* _Provided data_
(* The Cut Rule \[ \frac{\Gamma_1\Rightarrow \phi \qquad \Gamma_2,\phi \Rightarrow \Delta}{\Gamma_1,\Gamma_2 \Rightarrow \Delta} \] is admissible in the sequent calculus $\mathsf{G3iLL}$; that is, for all finite multisets of formulas $\Gamma_1,\Gamma_2$, every formula $\phi$ and every multiset $\Delta$ containing at most one formula, if $\Gamma_1\Rightarrow\phi$ and $\Gamma_2,\phi\Rightarrow\Delta$ are derivable in $\mathsf{G3iLL}$, then $\Gamma_1,\Gamma_2\Rightarrow\Delta$ is derivable in $\mathsf{G3iLL}$.
   Context: Formulas of the language of propositional Lax Logic are built from the constant $\bot$ and propositional atoms $p,q,\dots$ (with $\bot$ not an atom) using the binary connectives $\wedge,\vee,\to$ and a unary modal operator $\bigcirc$. A sequent is an expression $\Gamma\Rightarrow\Delta$ with $\Gamma,\Delta$ finite multisets of formulas and $\Delta$ containing at most one formula; $\Gamma,\Pi$ denotes multiset union. The calculus $\mathsf{G3iLL}$ has the axioms $\Gamma,p\Rightarrow p$ ($p$ an atom) and $\Gamma,\bot\Rightarrow\Delta$, and the rules (premisses / conclusion): $R\wedge$: $\Gamma\Rightarrow\phi$ and $\Gamma\Rightarrow\psi$ / $\Gamma\Rightarrow\phi\wedge\psi$; $L\wedge$: $\Gamma,\phi,\psi\Rightarrow\Delta$ / $\Gamma,\phi\wedge\psi\Rightarrow\Delta$; $R\vee$: $\Gamma\Rightarrow\phi_i$ / $\Gamma\Rightarrow\phi_0\vee\phi_1$ ($i=0,1$); $L\vee$: $\Gamma,\phi\Rightarrow\Delta$ and $\Gamma,\psi\Rightarrow\Delta$ / $\Gamma,\phi\vee\psi\Rightarrow\Delta$; $R\to$: $\Gamma,\phi\Rightarrow\psi$ / $\Gamma\Rightarrow\phi\to\psi$; $L\to$: $\Gamma,\phi\to\psi\Rightarrow\phi$ and $\Gamma,\psi\Rightarrow\Delta$ / $\Gamma,\phi\to\psi\Rightarrow\Delta$; $R\bigcirc$: $\Gamma\Rightarrow\phi$ / $\Gamma\Rightarrow\bigcirc\phi$; $L\bigcirc$: $\Gamma,\psi\Rightarrow\bigcirc\phi$ / $\Gamma,\bigcirc\psi\Rightarrow\bigcirc\phi$. *)

From Stdlib Require Import List Permutation.
Import ListNotations.

Inductive form : Type :=
| Var : nat -> form
| Bot : form
| And : form -> form -> form
| Or  : form -> form -> form
| Imp : form -> form -> form
| Circ : form -> form.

* _Activity_
In the data above, copy every line where the string "Import" appears.

* _Output of the task_
From Stdlib Require Import List Permutation.
Import ListNotations.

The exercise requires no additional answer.